• GOAL OF THE EXERCISE: Transcribe the stretch of entries below from the line with "pose u : box la := (Ordinal lt_i, b.2)." through the line with "e2; rewrite eb1 eb2; lia.", exactly and with both ends included; leave out all other lines.

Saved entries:
▼▼▼
Definition toggle (T : finType) (A : {set T}) (k : T) : {set T} :=
  if k \in A then A :\ k else k |: A.

Section Toggle.
Variables (T : finType) (A : {set T}) (k : T).

Lemma toggleK : toggle (toggle A k) k = A.
Proof.
rewrite {2}/toggle; case: ifP => kA.
- by rewrite /toggle setD11 setD1K.
- by rewrite /toggle setU11 setU1K // kA.
Qed.

Lemma toggle_subset x : x \in toggle A k -> (x \in A) || (x == k).
Proof.
rewrite /toggle; case: ifP => _; rewrite !inE; first by case/andP => _ ->.
by rewrite orbC.
Qed.

Lemma toggle_neq0 : A != set0 -> A != [set k] -> toggle A k != set0.
Proof.
rewrite /toggle => A_neq0 A_neq1; case: ifP => kA.
- apply: contra A_neq1 => /eqP Ak0.
  by rewrite eqEsubset sub1set kA andbT -setD_eq0 Ak0.
- by apply/set0Pn; exists k; rewrite setU11.
Qed.

Lemma toggle_neq1 : A != set0 -> toggle A k != [set k].
Proof.
rewrite /toggle => /set0Pn[x xA]; case: ifP => kA; apply/eqP => Ak.
- by have := set11 k; rewrite -Ak !inE eqxx.
- have : x \in k |: A by rewrite setU1r.
  by rewrite Ak inE => /eqP xk; rewrite -xk xA in kA.
Qed.

Lemma odd_card_toggle : odd #|toggle A k| = ~~ odd #|A|.
Proof.
rewrite /toggle; case: ifP => kA; last by rewrite cardsU1 kA.
by rewrite [in RHS](cardsD1 k A) kA add1n /= negbK.
Qed.

End Toggle.

Lemma partition_nth_le (la : seq nat) i j :
  is_partition la -> (i <= j)%N -> (j < size la)%N -> (nth 0 la j <= nth 0 la i)%N.
Proof.
move=> la_part le_ij lt_j; apply: (sorted_leq_nth _ _ 0 la_part) => //.
- by move=> a b c /= ba cb; apply: leq_trans cb ba.
- by move=> a; rewrite /= leqnn.
- by rewrite inE (leq_ltn_trans le_ij).
Qed.

Lemma diagram_row_lt_nparts (la : seq nat) (b : box la) :
  is_partition la -> in_diagram b -> (b.1 < nparts la)%N.
Proof.
case: b => [[i lt_i] [j lt_j]]; rewrite /in_diagram /= => la_part ij_diag.
rewrite /nparts -(cat_take_drop i.+1 la) count_cat.
suff -> : count (fun x => 0 < x)%N (take i.+1 la) = i.+1 by apply: leq_addr.
rewrite -[RHS](size_takel lt_i); apply/eqP; rewrite -all_count.
apply/(all_nthP 0) => k; rewrite size_takel // => lt_k.
rewrite nth_take // (leq_trans _ (partition_nth_le la_part _ lt_i)) //.
exact: leq_ltn_trans (leq0n j) ij_diag.
Qed.

Lemma sum_ord_lt c m : \sum_(j < c) (j < m : nat) = minn m c.
Proof.
elim: c => [|c IH]; first by rewrite big_ord0 minn0.
by rewrite big_ord_recr /= IH; case: (ltnP c m) => /=; lia.
Qed.

Section SetValuedTableaux.
Local Open Scope nat_scope.
Variables (la : seq nat) (n : nat).
Implicit Types (T : filling la n) (b : box la).

Lemma svt_outside T b : T \in SVT la n -> ~~ in_diagram b -> T b = set0.
Proof.
rewrite inE => /andP[/andP[/andP[/forallP out _] _] _] b_out.
by apply/eqP; move/implyP: (out b); apply.
Qed.

Lemma svt_neq0 T b : T \in SVT la n -> in_diagram b -> T b != set0.
Proof.
rewrite inE => /andP[/andP[/andP[_ /forallP inside] _] _] b_in.
by move/implyP: (inside b); apply.
Qed.

Lemma svt_row_le T b b' a c : T \in SVT la n -> in_diagram b -> in_diagram b' ->
  b'.1 = b.1 :> nat -> b'.2 = b.2.+1 :> nat -> a \in T b -> c \in T b' -> (a <= c)%N.
Proof.
rewrite inE => /andP[/andP[_ /forallP rows] _] b_in b'_in e1 e2 aT cT.
move/forallP/(_ b')/implyP: (rows b); rewrite b_in b'_in e1 e2 !eqxx => /(_ isT).
by move/forall_inP/(_ a aT)/forall_inP/(_ c cT).
Qed.

Lemma svt_col_lt T b b' a c : T \in SVT la n -> in_diagram b -> in_diagram b' ->
  b'.1 = b.1.+1 :> nat -> b'.2 = b.2 :> nat -> a \in T b -> c \in T b' -> (a < c)%N.
Proof.
rewrite inE => /andP[_ /forallP cols] b_in b'_in e1 e2 aT cT.
move/forallP/(_ b')/implyP: (cols b); rewrite b_in b'_in e1 e2 !eqxx => /(_ isT).
by move/forall_inP/(_ a aT)/forall_inP/(_ c cT).
Qed.

Lemma svtI T :
  (forall b, ~~ in_diagram b -> T b = set0) ->
  (forall b, in_diagram b -> T b != set0) ->
  (forall b b' a c, in_diagram b -> in_diagram b' ->
     b'.1 = b.1 :> nat -> b'.2 = b.2.+1 :> nat -> a \in T b -> c \in T b' -> (a <= c)%N) ->
  (forall b b' a c, in_diagram b -> in_diagram b' ->
     b'.1 = b.1.+1 :> nat -> b'.2 = b.2 :> nat -> a \in T b -> c \in T b' -> (a < c)%N) ->
  T \in SVT la n.
Proof.
move=> out inside rows cols; rewrite inE /is_svt.
rewrite -!andbA; apply/and4P; split.
- by apply/forallP => b; apply/implyP => /out ->.
- by apply/forallP => b; apply/implyP => /inside.
- apply/forallP => b; apply/forallP => b'.
  apply/implyP => /and3P[b_in b'_in /andP[/eqP e1 /eqP e2]].
  by apply/forall_inP => a aT; apply/forall_inP => c cT; apply: (rows b b').
- apply/forallP => b; apply/forallP => b'.
  apply/implyP => /and3P[b_in b'_in /andP[/eqP e1 /eqP e2]].
  by apply/forall_inP => a aT; apply/forall_inP => c cT; apply: (cols b b').
Qed.

Lemma sum_svt_weight T : \sum_(k < n) svt_weight T k = svt_size T.
Proof.
rewrite /svt_weight /svt_size.
under eq_bigr do rewrite -sum1dep_card big_mkcond.
rewrite exchange_big; apply: eq_bigr => b _.
by rewrite -big_mkcond sum1_card.
Qed.

Lemma sum_in_diagram : \sum_(b : box la) (in_diagram b : nat) = psize la.
Proof.
rewrite -(pair_bigA _ (fun (i : 'I_(nrows la)) (j : 'I_(ncols la)) => (j < nth 0 la i)%N : nat)) /=.
rewrite /psize sumnE (big_nth 0) big_mkord; apply: eq_bigr => i _.
rewrite sum_ord_lt; apply/minn_idPl.
by apply: leq_bigmax_seq => //; apply: mem_nth.
Qed.

Lemma svt_size_ge T : T \in SVT la n -> psize la <= svt_size T.
Proof.
move=> T_svt; rewrite -sum_in_diagram /svt_size; apply: leq_sum => b _.
by case: (boolP (in_diagram b)) => //= b_in; rewrite card_gt0 svt_neq0.
Qed.

End SetValuedTableaux.

Section SignReversingInvolution.
Local Open Scope nat_scope.
Variables (n : nat) (la : seq nat).
Hypotheses (n_gt0 : 0 < n) (la_partition : is_partition la) (nparts_le : nparts la <= n).
Implicit Types (T : filling la n) (b : box la) (S : {set box la}).

Definition row_label b : 'I_n := insubd (Ordinal n_gt0) (b.1 : nat).

Lemma row_labelE b : in_diagram b -> row_label b = b.1 :> nat.
Proof.
move=> b_in; rewrite val_insubd.
by rewrite (leq_trans (diagram_row_lt_nparts la_partition b_in)).
Qed.

Definition row_tableau : filling la n :=
  [ffun b => if in_diagram b then [set row_label b] else set0].

Lemma row_tableau_svt : row_tableau \in SVT la n.
Proof.
apply: svtI => [b b_out|b b_in|b b' a c b_in b'_in e1 _|b b' a c b_in b'_in e1 _].
- by rewrite ffunE (negbTE b_out).
- by rewrite ffunE b_in; apply/set0Pn; exists (row_label b); rewrite set11.
- by rewrite !ffunE b_in b'_in !inE => /eqP -> /eqP ->; rewrite !row_labelE // e1.
- by rewrite !ffunE b_in b'_in !inE => /eqP -> /eqP ->; rewrite !row_labelE // e1.
Qed.

Lemma svt_size_row_tableau : svt_size row_tableau = psize la.
Proof.
rewrite -sum_in_diagram /svt_size; apply: eq_bigr => b _; rewrite ffunE.
by case: ifP; rewrite ?cards1 ?cards0.
Qed.

Definition reading_index b : nat := b.1 * ncols la + b.2.

Lemma reading_index_right b b' :
  b'.1 = b.1 :> nat -> b'.2 = b.2.+1 :> nat -> reading_index b < reading_index b'.
Proof. by move=> e1 e2; rewrite /reading_index e1 e2 addnS. Qed.

Lemma reading_index_below b b' :
  b'.1 = b.1.+1 :> nat -> b'.2 = b.2 :> nat -> reading_index b < reading_index b'.
Proof. by move=> e1 e2; rewrite /reading_index e1 e2 mulSn; have := ltn_ord b.2; lia. Qed.

Definition first_box S : option (box la) :=
  [pick b in S | [forall b', (b' \in S) ==> (reading_index b <= reading_index b')]].

Lemma first_box_Some S b : first_box S = Some b ->
  b \in S /\ {in S, forall b', reading_index b <= reading_index b'}.
Proof.
rewrite /first_box; case: pickP => // b0 /andP[b0S /forallP b0_min] [<-].
by split=> // b' b'S; move/implyP: (b0_min b'); apply.
Qed.

Lemma first_box_None S : first_box S = None -> S = set0.
Proof.
rewrite /first_box; case: pickP => // no_min _; apply/setP => b0; rewrite inE.
apply/negbTE/negP => b0S; have [b bS b_min] := arg_minnP reading_index b0S.
have /negP := no_min b; apply; apply/andP; split=> //.
apply/forallP => b'; exact/implyP/b_min.
Qed.

Definition misfilled T : {set box la} :=
  [set b | in_diagram b && (T b != [set row_label b])].

Lemma misfilled_eq0 T : T \in SVT la n -> misfilled T = set0 -> T = row_tableau.
Proof.
move=> T_svt T_ok; apply/ffunP => b; rewrite ffunE; case: ifP => b_in.
- have : b \notin misfilled T by rewrite T_ok in_set0.
  by rewrite inE b_in negbK => /eqP.
- by rewrite svt_outside ?b_in.
Qed.

Lemma misfilled_row_tableau : misfilled row_tableau = set0.
Proof. by apply/setP => b; rewrite !inE ffunE; case: ifP; rewrite ?eqxx. Qed.

Lemma before_first_misfilled T b b' : first_box (misfilled T) = Some b ->
  in_diagram b' -> reading_index b' < reading_index b -> T b' = [set row_label b'].
Proof.
case/first_box_Some => _ b_min b'_in; apply: contraTeq; rewrite -leqNgt => T_b'.
by apply: b_min; rewrite inE b'_in.
Qed.

(* Column strictness against the box above b, which still holds {b.1 - 1}. *)
Lemma first_misfilled_ge_row T b a : T \in SVT la n ->
  first_box (misfilled T) = Some b -> a \in T b -> b.1 <= a.
Proof.
move=> T_svt first_b aT; have [+ _] := first_box_Some first_b.
rewrite inE => /andP[b_in _]; case E: (b.1 : nat) => [|i] //.
have lt_i : i < nrows la by rewrite (leq_ltn_trans _ (ltn_ord b.1)) // E.
pose u : box la := (Ordinal lt_i, b.2).
have e1 : (b.1 : nat) = u.1.+1 by rewrite E.
have u_in : in_diagram u.
  apply: leq_trans b_in (partition_nth_le la_partition _ _) => //=.
  by rewrite E.
have Tu := before_first_misfilled first_b u_in (reading_index_below e1 erefl).
have := svt_col_lt T_svt u_in b_in e1 erefl _ aT.
by rewrite Tu => /(_ _ (set11 _)); rewrite row_labelE.
Qed.

Definition toggle_at T b : filling la n :=
  [ffun b' => if b' == b then toggle (T b) (row_label b) else T b'].

Lemma toggle_at_svt T b : T \in SVT la n -> first_box (misfilled T) = Some b ->
  toggle_at T b \in SVT la n.
Proof.
move=> T_svt first_b; have [+ _] := first_box_Some first_b.
rewrite inE => /andP[b_in Tb_neq1].
have Tb_neq0 := svt_neq0 T_svt b_in.
have [a0 a0T] := set0Pn _ Tb_neq0.
have before := before_first_misfilled first_b.
have ge_row := first_misfilled_ge_row T_svt first_b.
apply: svtI => [b' b'_out|b' b'_in|b1 b2 a c b1_in b2_in e1 e2|b1 b2 a c b1_in b2_in e1 e2];
  rewrite !ffunE.
- by case: (eqVneq b' b) => [eb|_]; [rewrite eb b_in in b'_out | exact: svt_outside].
- by case: (eqVneq b' b) => _; [exact: toggle_neq0 | exact: svt_neq0].
- case: (eqVneq b1 b) => [eb1|_]; case: (eqVneq b2 b) => [eb2|_].
  + by move: e2; rewrite eb1 eb2; lia.
  + rewrite eb1 in b1_in e1 e2 *.
    move=> /toggle_subset/orP[aT|/eqP->] cT; first exact: (svt_row_le T_svt b1_in b2_in e1 e2).
    by rewrite row_labelE // (leq_trans (ge_row _ a0T)) // (svt_row_le T_svt b_in b2_in e1 e2 a0T).
  + rewrite eb2 in b2_in e1 e2 *.
    move=> aT /toggle_subset/orP[cT|/eqP->]; first exact: (svt_row_le T_svt b1_in b2_in e1 e2).
    by move: aT; rewrite before ?reading_index_right // inE => /eqP->; rewrite !row_labelE // e1.
  + exact: svt_row_le.
- case: (eqVneq b1 b) => [eb1|_]; case: (eqVneq b2 b) => [eb2|_].
  + by move: e1; rewrite eb1 eb2; lia.
  + rewrite eb1 in b1_in e1 e2 *.
    move=> /toggle_subset/orP[aT|/eqP->] cT; first exact: (svt_col_lt T_svt b1_in b2_in e1 e2).
    by rewrite row_labelE // (leq_ltn_trans (ge_row _ a0T)) // (svt_col_lt T_svt b_in b2_in e1 e2 a0T).
  + rewrite eb2 in b2_in e1 e2 *.
    move=> aT /toggle_subset/orP[cT|/eqP->]; first exact: (svt_col_lt T_svt b1_in b2_in e1 e2).
    by move: aT; rewrite before ?reading_index_below // inE => /eqP->; rewrite !row_labelE // e1.
  + exact: svt_col_lt.
Qed.

Lemma misfilled_toggle_at T b : T \in SVT la n -> b \in misfilled T ->
  misfilled (toggle_at T b) = misfilled T.
Proof.
move=> T_svt b_bad; apply/setP => b'; rewrite !inE ffunE.
case: (eqVneq b' b) => [->|_] //; move: b_bad; rewrite inE => /andP[b_in ->].
by rewrite b_in toggle_neq1 // svt_neq0.
Qed.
▲▲▲
• EXPECTED ANSWER:
pose u : box la := (Ordinal lt_i, b.2).
have e1 : (b.1 : nat) = u.1.+1 by rewrite E.
have u_in : in_diagram u.
  apply: leq_trans b_in (partition_nth_le la_partition _ _) => //=.
  by rewrite E.
have Tu := before_first_misfilled first_b u_in (reading_index_below e1 erefl).
have := svt_col_lt T_svt u_in b_in e1 erefl _ aT.
by rewrite Tu => /(_ _ (set11 _)); rewrite row_labelE.
Qed.

Definition toggle_at T b : filling la n :=
  [ffun b' => if b' == b then toggle (T b) (row_label b) else T b'].

Lemma toggle_at_svt T b : T \in SVT la n -> first_box (misfilled T) = Some b ->
  toggle_at T b \in SVT la n.
Proof.
move=> T_svt first_b; have [+ _] := first_box_Some first_b.
rewrite inE => /andP[b_in Tb_neq1].
have Tb_neq0 := svt_neq0 T_svt b_in.
have [a0 a0T] := set0Pn _ Tb_neq0.
have before := before_first_misfilled first_b.
have ge_row := first_misfilled_ge_row T_svt first_b.
apply: svtI => [b' b'_out|b' b'_in|b1 b2 a c b1_in b2_in e1 e2|b1 b2 a c b1_in b2_in e1 e2];
  rewrite !ffunE.
- by case: (eqVneq b' b) => [eb|_]; [rewrite eb b_in in b'_out | exact: svt_outside].
- by case: (eqVneq b' b) => _; [exact: toggle_neq0 | exact: svt_neq0].
- case: (eqVneq b1 b) => [eb1|_]; case: (eqVneq b2 b) => [eb2|_].
  + by move: e2; rewrite eb1 eb2; lia.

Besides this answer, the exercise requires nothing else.